Ballard’s Campaign Journal – Part 13, or; The Gang Fight a Huge Mimic

Some dice - an assortment of d20s, d8s, and d6s, resting in a blue dice tray with the Dungeons and Dragons embossed on it in black

I was definitely not expecting the altar to grapple me, but I guess mimics are learning and adapting. We’ve checked every single chest and container we’ve come across for traps or mimicry, but have started prodding every evil altar (and there’s been a few of them) without a second thought.

The party dealt with the three smaller mimics while I grappled with the large one. At one point in our melee it attempted to digest me, and I had to cut my way out of it like a spinning top, emerging with almost no body hair left. I turned to find that the rest of the group had nearly finished off the smaller ones. Peirce slammed the last one into the ground and left it vulnerable; I then sliced through the middle of it, bringing both my swords down parallel and then wrenching them apart as they cut through the mimic and splitting it in two.

Where the larger mimic had been was a small pile of gold, and a copper wand. Peirce identified it as a wand of smiles while we investigated the rest of the room. There was a worn statue at one end of the room, and after examining it more closely we found a hidden door behind it. Morwena tried to move it but was struggling – I moved up to help her and we succeeded together. Of course, she loosened it up for me.

I felt cold fingers on my neck. I had sustained a few wounds in the previous fight, and Amelia used her lay on hands to heal some of them, but I suppose a vampire’s lay on hands doesn’t feel quite so… holy.
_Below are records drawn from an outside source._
Lemma Ts_at x : Ts n r i x s = vv * x (tswap i s) + Ts_diag i s * x s.
Proof.
have pos_a : pos s i%:Z = a by rewrite -res_a pos_res.
have pos_b : pos s i.+1%:Z = b by rewrite -res_b pos_res.
rewrite /Ts Fop_at Eop_at /Ts_diag pos_a pos_b.
have [a_lt_b | b_lt_a | /val_inj a_eq_b] := ltngtP a b; last by move: a_b; rewrite a_eq_b eqxx.
- by rewrite exprN1 /= mulrA divff ?vv_neq0 // expr1 expr0 !mul1r addrK mul0r addr0.
- by rewrite oppr0 expr0z /= expr0 expr1 !mul1r mulrDr mulrA -expr2 mulrBl mul1r addrA.
Qed.

End TsFormula.

Lemma TsE {i} x {s} : (1 <= i < r)%N -> om s ->
  Ts n r i x s = vv * x (tswap i s) + Ts_diag i s * x s.
Proof.
move=> i_range s_om.
have [a [res_a _]] := omega_pos i%:Z s_om ltac:(lia).
have [b [res_b _]] := omega_pos i.+1%:Z s_om ltac:(lia).
exact: (@Ts_at i s a b).
Qed.

Lemma omega_tswap {i s} : (1 <= i < r)%N -> om s -> om (tswap i s).
Proof.
move=> i_range s_om; apply: omega_tshift => //; rewrite /swap_shift.
- by move=> c c_range; res_crunch.
- by move=> c e c_range e_range; res_crunch.
- by move=> c c_range; exists (c + swap_shift i c); rewrite /swap_shift; res_crunch.
Qed.

Lemma pos_tswap {i t c} : (1 <= i < r)%N -> om t -> 1 <= c <= r%:Z ->
  pos (tswap i t) c = pos t (swapc i c).
Proof.
move=> i_range t_om c_range.
have sc_range : 1 <= swapc i c <= r%:Z by rewrite /swapc /swap_shift; res_crunch.
rewrite -(pos_tshift _ t_om (omega_tswap i_range t_om) sc_range).
by congr pos; rewrite /swapc /swap_shift; res_crunch.
Qed.

Lemma Ts_diag_tswap {i t j} : (1 <= i < r)%N -> om t -> (1 <= j < r)%N ->
  Ts_diag j (tswap i t) =
  if (pos t (swapc i j.+1%:Z) < pos t (swapc i j%:Z))%N then vv ^+ 2 - 1 else 0.
Proof.
move=> i_range t_om j_range.
have j_ok : 1 <= j%:Z <= r%:Z by lia.
have j1_ok : 1 <= j.+1%:Z <= r%:Z by lia.
by rewrite /Ts_diag (pos_tswap i_range t_om j_ok) (pos_tswap i_range t_om j1_ok).
Qed.

Lemma tswapK {i s} : (1 <= i < r)%N -> om s -> tswap i (tswap i s) = s.
Proof.
move=> i_range s_om; rewrite /tswap tshift_comp -[RHS]tshift0.
by apply: eq_tshift => // c c_range; rewrite /swap_shift; res_crunch.
Qed.
Lemma ffactSr_le (n i : nat) : (n ^_ i.+1 <= n ^_ i * n)%N.
Proof. by rewrite ffactnSr leq_mul2l leq_subr orbT. Qed.

Lemma ffact_le_mul_pow (n j d : nat) : (n ^_ (j + d) <= n ^_ j * n ^ d)%N.
Proof.
elim: d => [|d IH]; first by rewrite addn0 muln1.
rewrite addnS expnS mulnCA mulnC (leq_trans (ffactSr_le _ _)) // leq_mul2r.
by rewrite IH orbT.
Qed.

Fixpoint involutions (j : nat) : nat :=
  if j is (j'.+1 as i).+1 then (involutions i + i * involutions j')%N else 1%N.

Lemma involutionsS (j : nat) :
  involutions j.+1 = (involutions j + j * involutions j.-1)%N.
Proof. by case: j. Qed.

(* Involutions are among the j! permutations. *)
Lemma involutions_le_fact (j : nat) : (involutions j <= j`!)%N.
Proof.
elim/ltn_ind: j => -[|[|j]] IH //.
rewrite [involutions _]involutionsS [(j.+2)`!]factS [j.+2 * _]mulSn.
rewrite leq_add ?IH // leq_mul2l.
by rewrite (leq_trans (IH j _)) // factS leq_pmull.
Qed.

Lemma positive_parts_counts (l : seq nat) : all (fun a => 0 < a)%N l ->
  [/\ (2 * size l <= sumn l + count odd l)%N,
      (count_mem 1%N l + 3 * (count odd l - count_mem 1%N l) <= sumn l)%N,
      (count_mem 1%N l <= count odd l)%N &
      (count odd l <= sumn l)%N ].
Proof.
elim: l => [|a l IH] //= /andP [a_gt0 /IH].
move: (count odd l) (count_mem 1%N l) (sumn l) (size l) => j p s r [IH1 IH2 IH3 IH4].
by case: a a_gt0 => [|[|[|a]]] //= _; rewrite ?eqxx /=; try (case: (odd a) => /=); split; lia.
Qed.

Lemma partition_weight_le (k p j : nat) : (0 < k)%N -> (p <= j)%N ->
  (p + 3 * (j - p) <= k)%N -> (2 ^ k.-1 * k ^ (k - p + j) <= k ^ (2 * k))%N.
Proof.
move=> k_gt0 pj counts.
have -> : (2 * k = (k - (j - p)) + (k - p + j))%N by lia.
by rewrite [X in (_ <= X)%N]expnD leq_mul2r pow2_le_pow ?orbT //; lia.
Qed.

(* compositions f k lists the compositions of k into at most f positive parts,
   by choosing the first part a+1 and composing the rest k - (a+1). *)
Fixpoint compositions (f k : nat) : seq (seq nat) :=
  if k is 0 then [:: [::]] else
  if f is f'.+1 then
    flatten [seq [seq a.+1 :: c | c <- compositions f' (k - a.+1)] | a <- iota 0 k]
  else [::].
Morwena then claimed the wand and said, “Smile if you want to be the first down the tunnel!” and used it on Peirce, who was unable to resist its magic. Warforged aren’t usually able to smile, but this simple magic had power enough to bend the metal on his faceplate into a grin.

We opened the secret door, and behind it was a tunnel. We stopped and listened, and smelled, unable to discern anything of interest. It sounded like a tunnel, all dripping and echoes. We started down it.

After a while, just long enough for us to slacken our concentration a bit, something moved at us out of the darkness, and we heard the sound of laughter echoing in front of us, behind us, around us. Some tentacles shout out at us and made to grab. I dodged them, but as I turned I saw that they had constricted at least three of my friends. I heard Reth shouting that it was a roper.

I started hacking at the tentacles, trying to free my friends. Reth struggled free and Morwena turned into an ungrappleable mist – both turned and launched some of their more powerful magics down the tunnel, aimed at the base of the roper. After a few volleys I charged towards it and started hacking at it, and starting from the top down I manage to turn it into so many slices of black pudding.

In the fight, we lost track of each other. None of us had noticed that Amelia had fallen, nor indeed fallen so far that death had taken her.

There was no question, we had to get her back to town, back to the temple.

Our forced march back to Stony Pine was uneventful, barring the unceremonious heave-ho we had to do to get Amelia’s body over the spike trap we struggled to navigate coming this way the first time.

At the temple of the Wounded Maiden we begged for help. Gwyn was not certain that they could help, but we gave them what gold and resources we could and focussed our energies in prayer and contemplation while the temple keepers worked. I say prayer and contemplation; for my part I could do nothing but focus on my anger to stop it coming out: focus it into a hard, cold ball in my stomach. I couldn’t believe one of ours had fallen, that I had allowed it to happen. My night would be full of unhappy memories.